A study published in the journal Brain Research investigated the effect of tipiracil hydrochloride (TPI), a selective inhibitor of thymidine phosphorylase (TP), on brain tissue damage in rats subjected to ischemia/reperfusion (I/R) injury. The research, conducted by scientists at the University of Tokyo, found that TP expression is increased in neurons under I/R conditions.
The study involved 40 adult male Sprague-Dawley rats, divided into four groups: sham, I/R control, I/R treated with low-dose TPI (10 mg/kg), and I/R treated with high-dose TPI (30 mg/kg). TPI was administered intraperitoneally 30 minutes before the induction of I/R injury via middle cerebral artery occlusion for 2 hours, followed by 24 hours of reperfusion.

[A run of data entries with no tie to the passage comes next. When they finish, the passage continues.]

(* Let $N\ge 3$ and consider a planar ''wheel'' framework in $\mathbb{R}^2$: a hub vertex at $\mathbf{U}_0$ and spoke vertices at $\mathbf{U}_1,\dots,\mathbf{U}_N$ arranged in counterclockwise order around $\mathbf{U}_0$, with all indices taken modulo $N$. Its edges are the $N$ spokes $(0,i)$ and the $N$ rim edges $(i,i+1)$, $i=1,\dots,N$. Let $L_i=|\mathbf{U}_i-\mathbf{U}_0|$, $\Delta L_{i,i+1}=|\mathbf{U}_{i+1}-\mathbf{U}_i|$, and let $\alpha_{i,i+1}\in(0,\pi)$ be the planar angle at $\mathbf{U}_0$ between spokes $i$ and $i+1$, with $\sum_{i=1}^N\alpha_{i,i+1}=2\pi$. Define $$\sigma_{i,i+1}=-\csc\alpha_{i,i+1}\,\frac{\Delta L_{i,i+1}}{L_iL_{i+1}}$$ on rim edge $(i,i+1)$, and $$\sigma_i=\frac{\csc\alpha_{i,i+1}}{L_{i+1}}+\frac{\csc\alpha_{i-1,i}}{L_{i-1}}-\frac{\cot\alpha_{i,i+1}+\cot\alpha_{i-1,i}}{L_i}$$ on spoke $(0,i)$. Then this assignment $\boldsymbol{\sigma}$ is a self stress of the framework. That is, for every vertex $n\in\{0,1,\dots,N\}$, $$\sum_{m:\,(n,m)\text{ an edge}}\sigma_{(n,m)}\,\frac{\mathbf{U}_n-\mathbf{U}_m}{|\mathbf{U}_n-\mathbf{U}_m|}=\mathbf{0}.$$ Equivalently, $\boldsymbol{\sigma}^T\mathbf{C}=\mathbf{0}^T$, where $\mathbf{C}$ is the compatibility matrix whose row for edge $(n,m)$ sends the in-plane displacements $(\mathbf{u}_1,\mathbf{u}_2,\dots)$ to $\frac{\mathbf{U}_n-\mathbf{U}_m}{|\mathbf{U}_n-\mathbf{U}_m|}\cdot(\mathbf{u}_n-\mathbf{u}_m)$.
   Context: A self stress of a bar framework is an assignment of a real number $\sigma_e$ to each edge $e$ such that force balance holds at every vertex, with the forces directed along unit edge vectors as written in the claim. The wheel arises as the star of an internal vertex of a planar triangulated crease pattern: the faces are the triangles $(\mathbf{U}_0,\mathbf{U}_i,\mathbf{U}_{i+1})$, which is why each angle lies in $(0,\pi)$. *)

From HB Require Import structures.
From mathcomp Require Import all_boot all_order all_algebra.
From mathcomp Require Import reals trigo.
Set Implicit Arguments. Unset Strict Implicit. Unset Printing Implicit Defensive.
Import Order.TTheory GRing.Theory Num.Theory.
Local Open Scope ring_scope.

Section Defs.
Variable R : realType.

Definition vx (v : 'rV[R]_2) : R := v ord0 ord0.
Definition vy (v : 'rV[R]_2) : R := v ord0 (@Ordinal 2 1 isT).
Definition dot (u v : 'rV[R]_2) : R := vx u * vx v + vy u * vy v.
Definition cross (u v : 'rV[R]_2) : R := vx u * vy v - vy u * vx v.
Definition vnorm (v : 'rV[R]_2) : R := Num.sqrt (dot v v).

Definition unitdir (a b : 'rV[R]_2) : 'rV[R]_2 := (vnorm (a - b))^-1 *: (a - b).

Definition csc (x : R) : R := (sin x)^-1.
Definition cot (x : R) : R := cos x / sin x.

Definition is_self_stress (V : finType) (p : V -> 'rV[R]_2) (E : rel V)
    (s : V -> V -> R) : Prop :=
  (forall n m, E n m -> s n m = s m n) /\
  forall n : V, \sum_(m : V | E n m) s n m *: unitdir (p n) (p m) = 0.

(* The wheel on N spokes.  Vertex None = hub U_0, vertex Some i (i : 'I_N)
   = spoke vertex U_{i+1} of the paper; indices mod N via ordS / ord_pred. *)
Definition wheel_pos (N : nat) (U0 : 'rV[R]_2) (U : 'I_N -> 'rV[R]_2)
    (v : option 'I_N) : 'rV[R]_2 :=
  match v with None => U0 | Some i => U i end.

Definition wheel_edge (N : nat) : rel (option 'I_N) := fun a b =>
  match a, b with
  | None, Some _ => true
  | Some _, None => true
  | Some i, Some j => (j == ordS i) || (i == ordS j)
  | None, None => false
  end.

Definition spokeL N (U0 : 'rV[R]_2) (U : 'I_N -> 'rV[R]_2) (i : 'I_N) : R :=
  vnorm (U i - U0).
Definition rimL N (U : 'I_N -> 'rV[R]_2) (i : 'I_N) : R :=
  vnorm (U (ordS i) - U i).

(* sigma_{i,i+1} on rim edge (i, i+1); alpha i = alpha_{i,i+1} *)
Definition sigma_rim N (U0 : 'rV[R]_2) (U : 'I_N -> 'rV[R]_2) (alpha : 'I_N -> R)
    (i : 'I_N) : R :=
  - csc (alpha i) * rimL U i / (spokeL U0 U i * spokeL U0 U (ordS i)).

Definition sigma_spoke N (U0 : 'rV[R]_2) (U : 'I_N -> 'rV[R]_2) (alpha : 'I_N -> R)
    (i : 'I_N) : R :=
  csc (alpha i) / spokeL U0 U (ordS i)
  + csc (alpha (ord_pred i)) / spokeL U0 U (ord_pred i)
  - (cot (alpha i) + cot (alpha (ord_pred i))) / spokeL U0 U i.

Definition wheel_stress N (U0 : 'rV[R]_2) (U : 'I_N -> 'rV[R]_2) (alpha : 'I_N -> R)
    (a b : option 'I_N) : R :=
  match a, b with
  | None, Some i => sigma_spoke U0 U alpha i
  | Some i, None => sigma_spoke U0 U alpha i
  | Some i, Some j =>
      if j == ordS i then sigma_rim U0 U alpha i
      else if i == ordS j then sigma_rim U0 U alpha j
      else 0
  | None, None => 0
  end.

End Defs.

From HB Require Import structures.
From mathcomp Require Import all_boot all_order all_algebra.
From mathcomp Require Import reals trigo.
From mathcomp Require Import ring.
Import Order.TTheory GRing.Theory Num.Theory.
Local Open Scope ring_scope.

(* Let e_i be the unit vector along spoke i and J the quarter turn.  The angle
   hypotheses say e_(i+1) = cos a_i e_i + sin a_i J e_i, hence
     csc a_i e_(i+1) - cot a_i e_i = J e_i
                                   = cot a_(i-1) e_i - csc a_(i-1) e_(i-1),
   so the vector turn_i := csc a_i e_(i+1) + csc a_(i-1) e_(i-1)
   - (cot a_i + cot a_(i-1)) e_i vanishes.  The net force at spoke vertex i is
   turn_i / L_i, and after shifting the indices of the csc-terms the net force
   at the hub is - sum_i turn_i / L_i. *)

Lemma ordSS_neq {n} (i : 'I_n) : (2 < n)%N -> ordS (ordS i) != i.
Proof.
move=> n_gt2; apply/eqP => /(congr1 val) /=.
rewrite -addn1 modnDml addn1 -addn2 -[X in _ = X -> _](modn_small (ltn_ord i)).
move=> /eqP; rewrite -{2}[i : nat]addn0 eqn_modDl !modn_small //.
exact: ltn_trans n_gt2.
Qed.

Lemma ord_pred_neq_ordS {n} (i : 'I_n) : (2 < n)%N -> ord_pred i != ordS i.
Proof. by move=> /(ordSS_neq (ord_pred i)); rewrite ord_predK eq_sym. Qed.

Lemma big_Some {V : nmodType} {T : finType} (t0 : T) (P : pred (option T))
    (F : option T -> V) :
  P None = false -> \sum_(m | P m) F m = \sum_(t | P (Some t)) F (Some t).
Proof.
move=> P_None; rewrite (reindex Some) //.
by exists (odflt t0) => [t|[t|]] //; rewrite inE P_None.
Qed.

Section PlaneVectors.
Context {R : realType}.
Implicit Types (u v a b o : 'rV[R]_2) (c s : R).

Definition perp v : 'rV[R]_2 := \row_(j < 2) if j == ord0 then - vy v else vx v.

Lemma vxD u v : vx (u + v) = vx u + vx v. Proof. by rewrite /vx mxE. Qed.
Lemma vyD u v : vy (u + v) = vy u + vy v. Proof. by rewrite /vy mxE. Qed.
Lemma vxN v : vx (- v) = - vx v. Proof. by rewrite /vx mxE. Qed.
Lemma vyN v : vy (- v) = - vy v. Proof. by rewrite /vy mxE. Qed.
Lemma vxZ c v : vx (c *: v) = c * vx v. Proof. by rewrite /vx mxE. Qed.
Lemma vyZ c v : vy (c *: v) = c * vy v. Proof. by rewrite /vy mxE. Qed.
Lemma vx_perp v : vx (perp v) = - vy v. Proof. by rewrite /vx mxE. Qed.
Lemma vy_perp v : vy (perp v) = vx v. Proof. by rewrite /vy mxE. Qed.

Lemma rv2P u v : vx u = vx v -> vy u = vy v -> u = v.
Proof.
move=> ex ey; apply/rowP => -[[|[|k]] lt_k2] //.
- by rewrite [Ordinal _](_ : _ = ord0) //; apply: val_inj.
- by rewrite [Ordinal _](_ : _ = Ordinal (isT : (1 < 2)%N)) //; apply: val_inj.
Qed.

Lemma dotC u v : dot u v = dot v u.
Proof. by rewrite /dot mulrC [vy u * _]mulrC. Qed.

Lemma crossC u v : cross u v = - cross v u.
Proof. by rewrite /cross opprB mulrC [vy u * _]mulrC. Qed.

Lemma dot_ge0 v : 0 <= dot v v.
Proof. by rewrite /dot -!expr2 addr_ge0 ?sqr_ge0. Qed.

Lemma vnorm_sqr v : vnorm v ^+ 2 = dot v v.
Proof. by rewrite /vnorm sqr_sqrtr ?dot_ge0. Qed.

Lemma vnormN v : vnorm (- v) = vnorm v.
Proof. by rewrite /vnorm /dot !(vxN, vyN) !mulrNN. Qed.

Lemma vnorm_gt0 v : v != 0 -> 0 < vnorm v.
Proof.
move=> v_neq0; rewrite /vnorm sqrtr_gt0 lt_neqAle dot_ge0 andbT eq_sym.
apply: contra v_neq0; rewrite /dot -!expr2 paddr_eq0 ?sqr_ge0 // !sqrf_eq0.
by case/andP => /eqP vx0 /eqP vy0; apply/eqP/rv2P; rewrite ?vx0 ?vy0 /vx /vy !mxE.
Qed.

Lemma unitdirC a b : unitdir a b = - unitdir b a.
Proof. by rewrite /unitdir -scalerN opprB -vnormN opprB. Qed.

Lemma vnormZ_unitdir a b : vnorm (a - b) *: unitdir a b = a - b.
Proof.
rewrite /unitdir; have [->|ab_neq0] := eqVneq (a - b) 0.
  by rewrite !scaler0.
by rewrite scalerA mulfV ?scale1r // gt_eqF ?vnorm_gt0.
Qed.

Lemma dot_cross_decomposition u v :
  dot u u *: v = dot u v *: u + cross u v *: perp u.
Proof.
by apply: rv2P; rewrite !(vxD, vyD, vxZ, vyZ, vx_perp, vy_perp) /dot /cross; ring.
Qed.

Lemma perpZ c v : perp (c *: v) = c *: perp v.
Proof. by apply: rv2P; rewrite !(vxZ, vyZ, vx_perp, vy_perp) ?mulrN. Qed.

Lemma unitdir_rotate o a b c s : a != o -> b != o ->
  c * (vnorm (a - o) * vnorm (b - o)) = dot (a - o) (b - o) ->
  s * (vnorm (a - o) * vnorm (b - o)) = cross (a - o) (b - o) ->
  unitdir b o = c *: unitdir a o + s *: perp (unitdir a o).
Proof.
rewrite /unitdir perpZ -!(subr_eq0 _ o); move: (a - o) (b - o) => p q.
move=> /vnorm_gt0/gt_eqF p_neq0 /vnorm_gt0/gt_eqF q_neq0 cos_pq sin_pq.
have p2_neq0 : vnorm p ^+ 2 != 0 by rewrite expf_eq0 p_neq0 andbF.
have decomp : vnorm p ^+ 2 *: q = (vnorm p * vnorm q) *: (c *: p + s *: perp p).
  by rewrite vnorm_sqr dot_cross_decomposition -cos_pq -sin_pq [RHS]scalerDr
    !scalerA [_ * c]mulrC [_ * s]mulrC.
have [qx qy] := (congr1 (@vx R) decomp, congr1 (@vy R) decomp).
rewrite !(vxD, vyD, vxZ, vyZ, vx_perp, vy_perp) in qx qy.
apply: rv2P; rewrite !(vxD, vyD, vxZ, vyZ, vx_perp, vy_perp).
- by rewrite -[vx q](mulKf p2_neq0) qx; field; rewrite p_neq0 q_neq0.
- by rewrite -[vy q](mulKf p2_neq0) qy; field; rewrite p_neq0 q_neq0.
Qed.

Lemma rotations_cancel v c s c' s' : s != 0 -> s' != 0 ->
  s^-1 *: (c *: v + s *: perp v) + s'^-1 *: (c' *: v - s' *: perp v)
  = (c / s + c' / s') *: v.
Proof.
move=> s_neq0 s'_neq0; apply: rv2P;
  rewrite !(vxD, vyD, vxN, vyN, vxZ, vyZ, vx_perp, vy_perp);
  by field; rewrite s_neq0 s'_neq0.
Qed.

End PlaneVectors.

Section WheelGraph.
Variable N : nat.
Hypothesis N_gt2 : (2 < N)%N.

Lemma wheel_stress_sym (R : realType) U0 U (alpha : 'I_N -> R) a b :
  wheel_stress U0 U alpha a b = wheel_stress U0 U alpha b a.
Proof.
case: a b => [i|] [j|] //=.
case: (eqVneq j (ordS i)) => [j_succ|_];
  case: (eqVneq i (ordS j)) => [i_succ|_] //.
by move: (ordSS_neq i N_gt2); rewrite -j_succ -i_succ eqxx.
Qed.

Lemma wheel_stress_succ (R : realType) U0 U (alpha : 'I_N -> R) i :
  wheel_stress U0 U alpha (Some i) (Some (ordS i)) = sigma_rim U0 U alpha i.
Proof. by rewrite /= eqxx. Qed.

Lemma wheel_stress_pred (R : realType) U0 U (alpha : 'I_N -> R) i :
  wheel_stress U0 U alpha (Some i) (Some (ord_pred i))
  = sigma_rim U0 U alpha (ord_pred i).
Proof. by rewrite /= (negbTE (ord_pred_neq_ordS i N_gt2)) ord_predK eqxx. Qed.

Lemma wheel_spoke_neighbours (V : nmodType) i (F : option 'I_N -> V) :
  \sum_(m | wheel_edge (Some i) m) F m
  = F None + F (Some (ordS i)) + F (Some (ord_pred i)).
Proof.
have pred_neq_succ := ord_pred_neq_ordS i N_gt2.
rewrite (bigD1 None) //= (bigD1 (Some (ordS i))) /=; last by rewrite eqxx.
rewrite (bigD1 (Some (ord_pred i))) /=; last first.
  by rewrite ord_predK eqxx orbT; apply/eqP => -[] /eqP; apply/negP.
rewrite big1 ?addr0 ?addrA // => -[j|] //=.
rewrite andbT; case: (eqVneq j (ordS i)) => [->|_]; first by rewrite eqxx andbF.
by case: (eqVneq i (ordS j)) => [->|] //=; rewrite ordSK eqxx andbF.
Qed.

Lemma wheel_hub_neighbours (V : nmodType) (F : option 'I_N -> V) :
  \sum_(m | wheel_edge None m) F m = \sum_(i < N) F (Some i).
Proof.
exact: (@big_Some _ _ (Ordinal (ltnW (ltnW N_gt2))) (wheel_edge None)).
Qed.

End WheelGraph.

Section Wheel.
Context {R : realType} {N : nat} {U0 : 'rV[R]_2} {U : 'I_N -> 'rV[R]_2}.
Context {alpha : 'I_N -> R}.
Hypothesis N_gt2 : (2 < N)%N.
Hypothesis U_neq0 : forall i, U i != U0.
Hypothesis alpha_range : forall i, 0 < alpha i < pi.
Hypothesis cos_alpha : forall i,
  cos (alpha i) * (spokeL U0 U i * spokeL U0 U (ordS i))
  = dot (U i - U0) (U (ordS i) - U0).
Hypothesis sin_alpha : forall i,
  sin (alpha i) * (spokeL U0 U i * spokeL U0 U (ordS i))
  = cross (U i - U0) (U (ordS i) - U0).

Local Notation L := (spokeL U0 U).
Local Notation e i := (unitdir (U i) U0).

Lemma spokeL_neq0 i : L i != 0.
Proof. by rewrite gt_eqF // vnorm_gt0 // subr_eq0. Qed.

Lemma sin_alpha_neq0 i : sin (alpha i) != 0.
Proof. by rewrite gt_eqF // sin_gt0_pi. Qed.

Lemma unitdir_succ i :
  e (ordS i) = cos (alpha i) *: e i + sin (alpha i) *: perp (e i).
Proof.
exact: unitdir_rotate (U_neq0 i) (U_neq0 (ordS i)) (cos_alpha i) (sin_alpha i).
Qed.

Lemma unitdir_pred i :
  e (ord_pred i)
  = cos (alpha (ord_pred i)) *: e i - sin (alpha (ord_pred i)) *: perp (e i).
Proof.
have := cos_alpha (ord_pred i); have := sin_alpha (ord_pred i).
rewrite ord_predK => sin_pred cos_pred.
rewrite -scaleNr; apply: unitdir_rotate => //.
- by rewrite dotC -cos_pred [X in _ * X = _]mulrC.
- by rewrite crossC -sin_pred mulNr [X in - (_ * X) = _]mulrC.
Qed.

Definition turn i : 'rV[R]_2 :=
  csc (alpha i) *: e (ordS i) + csc (alpha (ord_pred i)) *: e (ord_pred i)
  - (cot (alpha i) + cot (alpha (ord_pred i))) *: e i.

Lemma turn_eq0 i : turn i = 0.
Proof.
rewrite /turn unitdir_succ unitdir_pred.
by rewrite rotations_cancel ?sin_alpha_neq0 ?subrr.
Qed.

Lemma rim_force a j k :
  (- a * vnorm (U k - U j) / (L j * L k)) *: unitdir (U j) (U k)
  = (a / L j) *: e k - (a / L k) *: e j.
Proof.
have [Lj_neq0 Lk_neq0] := (spokeL_neq0 j, spokeL_neq0 k).
rewrite -vnormN opprB mulrAC -[LHS]scalerA vnormZ_unitdir.
have -> : U j - U k = L j *: e j - L k *: e k.
  by rewrite !vnormZ_unitdir opprB addrA subrK.
rewrite scalerBr [_ *: (L j *: _)]scalerA [_ *: (L k *: _)]scalerA.
rewrite (_ : - a / (L j * L k) * L j = - (a / L k)); last first.
  by field; rewrite Lj_neq0 Lk_neq0.
rewrite (_ : - a / (L j * L k) * L k = - (a / L j)); last first.
  by field; rewrite Lj_neq0 Lk_neq0.
by rewrite !scaleNr opprK addrC.
Qed.

Lemma spoke_vertex_balance i :
  sigma_spoke U0 U alpha i *: e i
  + sigma_rim U0 U alpha i *: unitdir (U i) (U (ordS i))
  + sigma_rim U0 U alpha (ord_pred i) *: unitdir (U i) (U (ord_pred i)) = 0.
Proof.
rewrite /sigma_rim /rimL ord_predK -[U i - U (ord_pred i)]opprB vnormN.
rewrite [L (ord_pred i) * _]mulrC !rim_force.
transitivity ((L i)^-1 *: turn i); last by rewrite turn_eq0 scaler0.
rewrite /sigma_spoke /turn; move: (e i) (e (ordS i)) (e (ord_pred i)) => v vS vP.
by apply: rv2P; rewrite !(vxD, vyD, vxN, vyN, vxZ, vyZ); ring.
Qed.

Lemma hub_balance : \sum_(i < N) sigma_spoke U0 U alpha i *: unitdir U0 (U i) = 0.
Proof.
under eq_bigr do rewrite unitdirC scalerN /sigma_spoke scalerBl scalerDl.
rewrite sumrN sumrB big_split /=.
rewrite [X in X + _ - _](reindex_inj (@ord_pred_inj N)).
rewrite [X in _ + X - _](reindex_inj (@ordS_inj N)) /=.
rewrite -big_split -sumrB big1 ?oppr0 // => i _; rewrite ordSK ord_predK.
transitivity ((L i)^-1 *: turn i); last by rewrite turn_eq0 scaler0.
rewrite /turn; move: (e i) (e (ordS i)) (e (ord_pred i)) => v vS vP.
by apply: rv2P; rewrite !(vxD, vyD, vxN, vyN, vxZ, vyZ); ring.
Qed.

Lemma wheel_force_balance (n : option 'I_N) :
  \sum_(m | wheel_edge n m)
     wheel_stress U0 U alpha n m *: unitdir (wheel_pos U0 U n) (wheel_pos U0 U m)
  = 0.
Proof.
case: n => [i|].
- rewrite wheel_spoke_neighbours // wheel_stress_succ wheel_stress_pred //.
  exact: spoke_vertex_balance.
- rewrite wheel_hub_neighbours //.
  exact: hub_balance.
Qed.

End Wheel.

Theorem mainTheorem1 (R : realType) (N : nat) (HN : (3 <= N)%N)
    (U0 : 'rV[R]_2) (U : 'I_N -> 'rV[R]_2) (alpha : 'I_N -> R) :
  (forall i, U i != U0) ->
  (forall i, 0 < alpha i < pi) ->
  (* alpha i is the counterclockwise angle at U0 from spoke i to spoke i+1 *)
  (forall i, cos (alpha i) * (spokeL U0 U i * spokeL U0 U (ordS i))
               = dot (U i - U0) (U (ordS i) - U0)) ->
  (forall i, sin (alpha i) * (spokeL U0 U i * spokeL U0 U (ordS i))
               = cross (U i - U0) (U (ordS i) - U0)) ->
  \sum_(i < N) alpha i = 2 * pi ->
  is_self_stress (wheel_pos U0 U) (@wheel_edge N) (wheel_stress U0 U alpha).
Proof.
move=> U_neq0 alpha_range cos_alpha sin_alpha _.
split=> [n m _|n]; first exact: wheel_stress_sym.
exact: wheel_force_balance.
Qed.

Results showed that TPI treatment significantly reduced infarct volume and improved neurological deficit scores compared to the I/R control group. The high-dose TPI group exhibited a 45% reduction in infarct volume (p < 0.01) and a 38% improvement in neurological scores (p < 0.05). Additionally, TPI decreased oxidative stress markers (malondialdehyde levels) and increased antioxidant enzyme activity (superoxide dismutase and glutathione peroxidase).
The researchers concluded that TPI exerts neuroprotective effects against I/R injury by inhibiting TP activity, reducing oxidative stress, and suppressing apoptosis. These findings suggest that TPI could be a potential therapeutic agent for stroke treatment, though further studies are needed to confirm its efficacy in humans.